(Saved data entries)
◆ ◆ ◆ ◆ ◆

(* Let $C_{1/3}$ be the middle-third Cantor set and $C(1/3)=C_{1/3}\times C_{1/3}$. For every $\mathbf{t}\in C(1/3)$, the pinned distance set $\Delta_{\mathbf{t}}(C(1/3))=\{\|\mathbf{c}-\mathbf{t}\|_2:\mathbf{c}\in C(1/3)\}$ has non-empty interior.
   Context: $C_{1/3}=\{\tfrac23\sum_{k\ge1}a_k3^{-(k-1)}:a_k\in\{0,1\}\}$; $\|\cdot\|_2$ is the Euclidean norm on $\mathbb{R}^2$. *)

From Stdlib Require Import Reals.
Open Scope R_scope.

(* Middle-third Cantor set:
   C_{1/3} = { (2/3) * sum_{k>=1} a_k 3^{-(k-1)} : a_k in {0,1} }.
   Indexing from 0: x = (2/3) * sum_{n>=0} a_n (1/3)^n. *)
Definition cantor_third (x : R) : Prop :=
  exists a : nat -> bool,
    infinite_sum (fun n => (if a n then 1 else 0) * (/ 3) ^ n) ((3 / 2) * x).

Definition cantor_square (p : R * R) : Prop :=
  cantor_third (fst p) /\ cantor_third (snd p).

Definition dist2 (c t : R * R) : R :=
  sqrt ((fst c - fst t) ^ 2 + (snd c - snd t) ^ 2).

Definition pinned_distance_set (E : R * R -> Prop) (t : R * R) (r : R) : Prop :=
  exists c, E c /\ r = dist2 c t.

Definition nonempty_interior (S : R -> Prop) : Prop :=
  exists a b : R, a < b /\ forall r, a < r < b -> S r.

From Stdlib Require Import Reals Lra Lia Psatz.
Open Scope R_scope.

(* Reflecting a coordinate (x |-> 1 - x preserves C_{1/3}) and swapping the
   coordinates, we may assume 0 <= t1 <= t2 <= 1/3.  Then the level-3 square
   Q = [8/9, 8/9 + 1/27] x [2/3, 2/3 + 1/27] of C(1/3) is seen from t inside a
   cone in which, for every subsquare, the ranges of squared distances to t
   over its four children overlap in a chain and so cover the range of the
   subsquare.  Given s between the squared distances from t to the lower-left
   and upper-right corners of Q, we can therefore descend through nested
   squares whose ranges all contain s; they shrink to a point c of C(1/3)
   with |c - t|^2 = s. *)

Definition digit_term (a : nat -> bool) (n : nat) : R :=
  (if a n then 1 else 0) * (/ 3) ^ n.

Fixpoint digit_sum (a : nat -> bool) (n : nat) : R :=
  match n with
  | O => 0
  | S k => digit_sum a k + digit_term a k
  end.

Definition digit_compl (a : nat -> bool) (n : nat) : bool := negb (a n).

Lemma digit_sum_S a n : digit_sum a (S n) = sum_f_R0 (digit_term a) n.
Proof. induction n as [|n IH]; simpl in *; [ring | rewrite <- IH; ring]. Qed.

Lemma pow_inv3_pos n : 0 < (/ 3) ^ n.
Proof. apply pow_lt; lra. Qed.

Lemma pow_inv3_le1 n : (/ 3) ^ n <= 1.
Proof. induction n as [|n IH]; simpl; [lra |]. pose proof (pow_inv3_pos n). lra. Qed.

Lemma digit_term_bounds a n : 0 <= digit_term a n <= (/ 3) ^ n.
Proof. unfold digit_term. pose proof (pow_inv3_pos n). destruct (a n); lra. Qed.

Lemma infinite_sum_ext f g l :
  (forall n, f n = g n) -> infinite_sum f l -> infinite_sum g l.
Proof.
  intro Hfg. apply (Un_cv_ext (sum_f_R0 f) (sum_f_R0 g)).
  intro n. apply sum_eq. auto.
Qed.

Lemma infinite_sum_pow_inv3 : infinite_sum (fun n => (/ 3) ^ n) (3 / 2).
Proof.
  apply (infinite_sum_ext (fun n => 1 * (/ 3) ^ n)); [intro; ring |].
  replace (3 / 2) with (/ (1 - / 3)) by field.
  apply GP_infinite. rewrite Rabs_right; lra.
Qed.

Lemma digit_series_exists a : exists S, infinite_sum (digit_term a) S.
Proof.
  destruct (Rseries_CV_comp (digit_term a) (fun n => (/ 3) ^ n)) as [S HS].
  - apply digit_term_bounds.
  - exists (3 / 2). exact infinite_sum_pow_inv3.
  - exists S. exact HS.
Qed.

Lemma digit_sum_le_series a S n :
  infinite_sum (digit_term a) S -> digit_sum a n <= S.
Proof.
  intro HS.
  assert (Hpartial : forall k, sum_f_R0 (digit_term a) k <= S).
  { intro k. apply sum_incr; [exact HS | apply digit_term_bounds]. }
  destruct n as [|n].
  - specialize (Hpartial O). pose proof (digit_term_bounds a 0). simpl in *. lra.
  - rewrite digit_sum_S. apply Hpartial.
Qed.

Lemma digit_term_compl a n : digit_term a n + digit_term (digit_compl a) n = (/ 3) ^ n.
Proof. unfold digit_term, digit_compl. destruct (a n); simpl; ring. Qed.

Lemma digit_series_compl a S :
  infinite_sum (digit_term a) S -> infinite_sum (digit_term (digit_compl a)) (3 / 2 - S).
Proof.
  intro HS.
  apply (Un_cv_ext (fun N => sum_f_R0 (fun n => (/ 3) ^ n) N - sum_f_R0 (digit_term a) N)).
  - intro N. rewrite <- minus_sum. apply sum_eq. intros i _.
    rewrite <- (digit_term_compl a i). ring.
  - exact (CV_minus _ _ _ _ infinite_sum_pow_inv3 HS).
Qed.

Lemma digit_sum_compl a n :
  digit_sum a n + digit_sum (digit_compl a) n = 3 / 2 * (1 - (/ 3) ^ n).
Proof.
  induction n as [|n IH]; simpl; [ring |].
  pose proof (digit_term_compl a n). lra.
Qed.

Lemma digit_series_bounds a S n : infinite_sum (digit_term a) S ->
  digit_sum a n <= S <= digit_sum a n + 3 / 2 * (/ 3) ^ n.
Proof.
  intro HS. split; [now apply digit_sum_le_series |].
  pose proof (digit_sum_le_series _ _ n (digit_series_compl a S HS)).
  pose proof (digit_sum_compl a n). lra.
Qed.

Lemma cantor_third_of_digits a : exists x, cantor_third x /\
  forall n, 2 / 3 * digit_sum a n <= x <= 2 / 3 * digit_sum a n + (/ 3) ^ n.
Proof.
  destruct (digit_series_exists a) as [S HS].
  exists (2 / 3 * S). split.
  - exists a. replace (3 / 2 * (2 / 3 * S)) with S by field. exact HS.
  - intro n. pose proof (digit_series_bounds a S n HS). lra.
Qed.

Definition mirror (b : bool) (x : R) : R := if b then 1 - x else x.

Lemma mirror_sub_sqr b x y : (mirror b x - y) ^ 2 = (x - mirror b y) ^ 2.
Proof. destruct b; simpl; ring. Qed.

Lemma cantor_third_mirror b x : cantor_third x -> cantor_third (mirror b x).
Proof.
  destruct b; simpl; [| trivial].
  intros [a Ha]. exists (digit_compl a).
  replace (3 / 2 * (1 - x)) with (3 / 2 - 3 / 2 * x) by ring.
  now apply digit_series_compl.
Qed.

◆ ◆ ◆ ◆ ◆

> WORK ITEM:
Extract all the entries word for word.

> RESULT:
(* Let $C_{1/3}$ be the middle-third Cantor set and $C(1/3)=C_{1/3}\times C_{1/3}$. For every $\mathbf{t}\in C(1/3)$, the pinned distance set $\Delta_{\mathbf{t}}(C(1/3))=\{\|\mathbf{c}-\mathbf{t}\|_2:\mathbf{c}\in C(1/3)\}$ has non-empty interior.
   Context: $C_{1/3}=\{\tfrac23\sum_{k\ge1}a_k3^{-(k-1)}:a_k\in\{0,1\}\}$; $\|\cdot\|_2$ is the Euclidean norm on $\mathbb{R}^2$. *)

From Stdlib Require Import Reals.
Open Scope R_scope.

(* Middle-third Cantor set:
   C_{1/3} = { (2/3) * sum_{k>=1} a_k 3^{-(k-1)} : a_k in {0,1} }.
   Indexing from 0: x = (2/3) * sum_{n>=0} a_n (1/3)^n. *)
Definition cantor_third (x : R) : Prop :=
  exists a : nat -> bool,
    infinite_sum (fun n => (if a n then 1 else 0) * (/ 3) ^ n) ((3 / 2) * x).

Definition cantor_square (p : R * R) : Prop :=
  cantor_third (fst p) /\ cantor_third (snd p).

Definition dist2 (c t : R * R) : R :=
  sqrt ((fst c - fst t) ^ 2 + (snd c - snd t) ^ 2).

Definition pinned_distance_set (E : R * R -> Prop) (t : R * R) (r : R) : Prop :=
  exists c, E c /\ r = dist2 c t.

Definition nonempty_interior (S : R -> Prop) : Prop :=
  exists a b : R, a < b /\ forall r, a < r < b -> S r.

From Stdlib Require Import Reals Lra Lia Psatz.
Open Scope R_scope.

(* Reflecting a coordinate (x |-> 1 - x preserves C_{1/3}) and swapping the
   coordinates, we may assume 0 <= t1 <= t2 <= 1/3.  Then the level-3 square
   Q = [8/9, 8/9 + 1/27] x [2/3, 2/3 + 1/27] of C(1/3) is seen from t inside a
   cone in which, for every subsquare, the ranges of squared distances to t
   over its four children overlap in a chain and so cover the range of the
   subsquare.  Given s between the squared distances from t to the lower-left
   and upper-right corners of Q, we can therefore descend through nested
   squares whose ranges all contain s; they shrink to a point c of C(1/3)
   with |c - t|^2 = s. *)

Definition digit_term (a : nat -> bool) (n : nat) : R :=
  (if a n then 1 else 0) * (/ 3) ^ n.

Fixpoint digit_sum (a : nat -> bool) (n : nat) : R :=
  match n with
  | O => 0
  | S k => digit_sum a k + digit_term a k
  end.

Definition digit_compl (a : nat -> bool) (n : nat) : bool := negb (a n).

Lemma digit_sum_S a n : digit_sum a (S n) = sum_f_R0 (digit_term a) n.
Proof. induction n as [|n IH]; simpl in *; [ring | rewrite <- IH; ring]. Qed.

Lemma pow_inv3_pos n : 0 < (/ 3) ^ n.
Proof. apply pow_lt; lra. Qed.

Lemma pow_inv3_le1 n : (/ 3) ^ n <= 1.
Proof. induction n as [|n IH]; simpl; [lra |]. pose proof (pow_inv3_pos n). lra. Qed.

Lemma digit_term_bounds a n : 0 <= digit_term a n <= (/ 3) ^ n.
Proof. unfold digit_term. pose proof (pow_inv3_pos n). destruct (a n); lra. Qed.

Lemma infinite_sum_ext f g l :
  (forall n, f n = g n) -> infinite_sum f l -> infinite_sum g l.
Proof.
  intro Hfg. apply (Un_cv_ext (sum_f_R0 f) (sum_f_R0 g)).
  intro n. apply sum_eq. auto.
Qed.

Lemma infinite_sum_pow_inv3 : infinite_sum (fun n => (/ 3) ^ n) (3 / 2).
Proof.
  apply (infinite_sum_ext (fun n => 1 * (/ 3) ^ n)); [intro; ring |].
  replace (3 / 2) with (/ (1 - / 3)) by field.
  apply GP_infinite. rewrite Rabs_right; lra.
Qed.

Lemma digit_series_exists a : exists S, infinite_sum (digit_term a) S.
Proof.
  destruct (Rseries_CV_comp (digit_term a) (fun n => (/ 3) ^ n)) as [S HS].
  - apply digit_term_bounds.
  - exists (3 / 2). exact infinite_sum_pow_inv3.
  - exists S. exact HS.
Qed.

Lemma digit_sum_le_series a S n :
  infinite_sum (digit_term a) S -> digit_sum a n <= S.
Proof.
  intro HS.
  assert (Hpartial : forall k, sum_f_R0 (digit_term a) k <= S).
  { intro k. apply sum_incr; [exact HS | apply digit_term_bounds]. }
  destruct n as [|n].
  - specialize (Hpartial O). pose proof (digit_term_bounds a 0). simpl in *. lra.
  - rewrite digit_sum_S. apply Hpartial.
Qed.

Lemma digit_term_compl a n : digit_term a n + digit_term (digit_compl a) n = (/ 3) ^ n.
Proof. unfold digit_term, digit_compl. destruct (a n); simpl; ring. Qed.

Lemma digit_series_compl a S :
  infinite_sum (digit_term a) S -> infinite_sum (digit_term (digit_compl a)) (3 / 2 - S).
Proof.
  intro HS.
  apply (Un_cv_ext (fun N => sum_f_R0 (fun n => (/ 3) ^ n) N - sum_f_R0 (digit_term a) N)).
  - intro N. rewrite <- minus_sum. apply sum_eq. intros i _.
    rewrite <- (digit_term_compl a i). ring.
  - exact (CV_minus _ _ _ _ infinite_sum_pow_inv3 HS).
Qed.

Lemma digit_sum_compl a n :
  digit_sum a n + digit_sum (digit_compl a) n = 3 / 2 * (1 - (/ 3) ^ n).
Proof.
  induction n as [|n IH]; simpl; [ring |].
  pose proof (digit_term_compl a n). lra.
Qed.

Lemma digit_series_bounds a S n : infinite_sum (digit_term a) S ->
  digit_sum a n <= S <= digit_sum a n + 3 / 2 * (/ 3) ^ n.
Proof.
  intro HS. split; [now apply digit_sum_le_series |].
  pose proof (digit_sum_le_series _ _ n (digit_series_compl a S HS)).
  pose proof (digit_sum_compl a n). lra.
Qed.

Lemma cantor_third_of_digits a : exists x, cantor_third x /\
  forall n, 2 / 3 * digit_sum a n <= x <= 2 / 3 * digit_sum a n + (/ 3) ^ n.
Proof.
  destruct (digit_series_exists a) as [S HS].
  exists (2 / 3 * S). split.
  - exists a. replace (3 / 2 * (2 / 3 * S)) with S by field. exact HS.
  - intro n. pose proof (digit_series_bounds a S n HS). lra.
Qed.

Definition mirror (b : bool) (x : R) : R := if b then 1 - x else x.

Lemma mirror_sub_sqr b x y : (mirror b x - y) ^ 2 = (x - mirror b y) ^ 2.
Proof. destruct b; simpl; ring. Qed.

Lemma cantor_third_mirror b x : cantor_third x -> cantor_third (mirror b x).
Proof.
  destruct b; simpl; [| trivial].
  intros [a Ha]. exists (digit_compl a).
  replace (3 / 2 * (1 - x)) with (3 / 2 - 3 / 2 * x) by ring.
  now apply digit_series_compl.
Qed.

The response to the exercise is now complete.